Github repo: https://github.com/araffin/rl-tutorial-jnrr19

Stable-Baselines: https://github.com/hill-a/stable-baselines

Documentation: https://stable-baselines.readthedocs.io/en/master/

RL Baselines zoo: https://github.com/araffin/rl-baselines-zoo


## Introduction

In this notebook, you will learn how to use *Gym Wrappers* which allow to do monitoring, normalization, limit the number of steps, feature augmentation, ...
- 이번 노트북을 토해 *GymWrappers*를 사용하는 방법을 배움
  - 이를 통해 모니터링, normalization, 스텝수 제한, Feature augmentation등을 할 수 있음


You will also see the *loading* and *saving* functions, and how to read the outputed files for possible exporting.
- 모델을 저장하고 읽는 것도 해볼 것임

## Install Dependencies and Stable Baselines Using Pip

In [None]:
# Stable Baselines only supports tensorflow 1.x for now
%tensorflow_version 1.x
!apt install swig
!pip install stable-baselines[mpi]==2.10.0

Reading package lists... Done
Building dependency tree       
Reading state information... Done
swig is already the newest version (3.0.12-1).
0 upgraded, 0 newly installed, 0 to remove and 6 not upgraded.


In [None]:
import gym
from stable_baselines import A2C, SAC, PPO2, TD3

# Saving and loading

Saving and loading stable-baselines models is straightforward: you can directly call `.save()` and `.load()` on the models.
- stable-baselines 모델을 저장하고 불러오는 것은 매우 직관적임
  - .save(), .load()를 바로 호출함

In [None]:
import os

# Create save dir
save_dir = "/tmp/gym/"
os.makedirs(save_dir, exist_ok=True)

model = PPO2('MlpPolicy', 'Pendulum-v0', verbose=0).learn(8000)
# The model will be saved under PPO2_tutorial.zip
model.save(save_dir + "/PPO2_tutorial")

# sample an observation from the environment
obs = model.env.observation_space.sample()

# Check prediction before saving
print("pre saved", model.predict(obs, deterministic=True))

del model # delete trained model to demonstrate loading

loaded_model = PPO2.load(save_dir + "/PPO2_tutorial")
# Check that the prediction is the same after loading (for the same observation)
print("loaded", loaded_model.predict(obs, deterministic=True))

pre saved (array([-0.19883569], dtype=float32), None)
loaded (array([-0.19883569], dtype=float32), None)


Saving in stable-baselines is quite powerful, as you save the training hyperparameters, with the current weights.
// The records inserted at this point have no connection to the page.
Lemma cullis_det_alternate N k (X : 'M[F]_(N, k)) (i j : 'I_k) :
  i != j -> (forall r, X r i = X r j) -> cullis_det X = 0.
Proof.
move=> ij eqX; rewrite /cullis_det big1 // => c _.
by rewrite -det_tr (@determinant_alternate _ _ _ i j) ?mulr0 // => r; rewrite !mxE.
Qed.

Lemma cullis_det_mulmx_eq0 N m k (B : 'M[F]_(N, m)) :
  (forall c : {ffun 'I_k -> 'I_m}, incr_fun c -> cullis_det (colsub c B) = 0) ->
  forall Y : 'M[F]_(m, k), cullis_det (B *m Y) = 0.
Proof.
move=> Bc0 Y; rewrite cullis_det_mulmx big1 // => f _.
have [/injectiveP finj|/injectivePn [i [j ij fij]]] := boolP (injectiveb f); last first.
  by rewrite (@cullis_det_alternate _ _ _ i j) ?mulr0 // => r; rewrite !mxE fij.
have [c [s [ic fcs]]] := inj_incr_fun_perm finj.
have -> : colsub f B = col_perm s (colsub c B) by apply/matrixP => i j; rewrite !mxE fcs.
by rewrite cullis_det_col_perm Bc0 // !mulr0.
Qed.

End CullisDeterminant.

Definition shift_fun k m (c : {ffun 'I_k -> 'I_m}) : {ffun 'I_k -> 'I_m.+1} :=
  [ffun a => lift ord0 (c a)].

(** [replace0_fun c a] enumerates increasingly {0} together with the shift of
    the image of [c] minus [c a]. *)
Definition replace0_fun k m (c : {ffun 'I_k.+1 -> 'I_m}) (a : 'I_k.+1) :
    {ffun 'I_k.+1 -> 'I_m.+1} :=
  [ffun b => if unlift ord0 b is Some b' then lift ord0 (c (lift a b')) else ord0].

Lemma lift_mono n (h : 'I_n.+1) (i j : 'I_n) : (i < j)%N -> (lift h i < lift h j)%N.
Proof. by rewrite /= /bump; case: leqP; case: leqP; lia. Qed.

Lemma lift_ge n (h : 'I_n.+1) (i : 'I_n) : (i <= lift h i)%N.
Proof. by rewrite /= /bump; case: leqP; lia. Qed.

Section ShiftAndReplace.
Variables k m : nat.

Lemma incr_shift_fun (c : {ffun 'I_k -> 'I_m}) : incr_fun c -> incr_fun (shift_fun c).
Proof.
move=> /incrP H; apply/forallP => i; apply/forallP => j; apply/implyP => ij.
by rewrite !ffunE !lift0 ltnS; apply: H.
Qed.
This means in practice, you can simply load a custom model, without redefining the parameters, and continue learning.
- stable-baselines에서 저장은 학습 HP, Weight를 모두 함께 저장하므로 굉장히 powerful.
- 모델을 불러올 때, 파라미터를 다시 재정의할 필요없이 계속해서 재학습이 가능해짐


The loading function can also update the model's class variables when loading.
- loading function은 로딩 시 모델 클래스의 변수들을 업데이트할 수도 있음

In [None]:
import os
from stable_baselines.common.vec_env import DummyVecEnv

# Create save dir
save_dir = "/tmp/gym/"
os.makedirs(save_dir, exist_ok=True)

model = A2C('MlpPolicy', 'Pendulum-v0', verbose=0, gamma=0.9, n_steps=20).learn(8000)
# The model will be saved under A2C_tutorial.zip
model.save(save_dir + "/A2C_tutorial")

del model # delete trained model to demonstrate loading

# load the model, and when loading set verbose to 1
loaded_model = A2C.load(save_dir + "/A2C_tutorial", verbose=1)

# show the save hyperparameters
print("loaded:", "gamma =", loaded_model.gamma, "n_steps =", loaded_model.n_steps)

# as the environment is not serializable, we need to set a new instance of the environment
# environment는 저장되지 않기 때문에, 새로운 environment instance를 설정해줘야 함
loaded_model.set_env(DummyVecEnv([lambda: gym.make('Pendulum-v0')]))
# and continue training
loaded_model.learn(8000)

Loading a model without an environment, this model cannot be trained until it has a valid environment.
loaded: gamma = 0.9 n_steps = 20
---------------------------------
| explained_variance | 0.00487  |
| fps                | 90       |
| nupdates           | 1        |
| policy_entropy     | 1.42     |
| total_timesteps    | 20       |
| value_loss         | 2.56e+03 |
---------------------------------
---------------------------------
| explained_variance | 0.003    |
| fps                | 893      |
| nupdates           | 100      |
| policy_entropy     | 1.42     |
| total_timesteps    | 2000     |
| value_loss         | 2.46e+03 |
---------------------------------
---------------------------------
| explained_variance | 0.0093   |
| fps                | 948      |
| nupdates           | 200      |
| policy_entropy     | 1.42     |
| total_timesteps    | 4000     |
| value_loss         | 2.19e+03 |
---------------------------------
---------------------------------
| explained_va

<stable_baselines.a2c.a2c.A2C at 0x7f2f317d3240>

# Gym and VecEnv wrappers

## Anatomy of a gym wrapper

A gym wrapper follows the [gym](https://stable-baselines.readthedocs.io/en/master/guide/custom_env.html) interface: it has a `reset()` and `step()` method.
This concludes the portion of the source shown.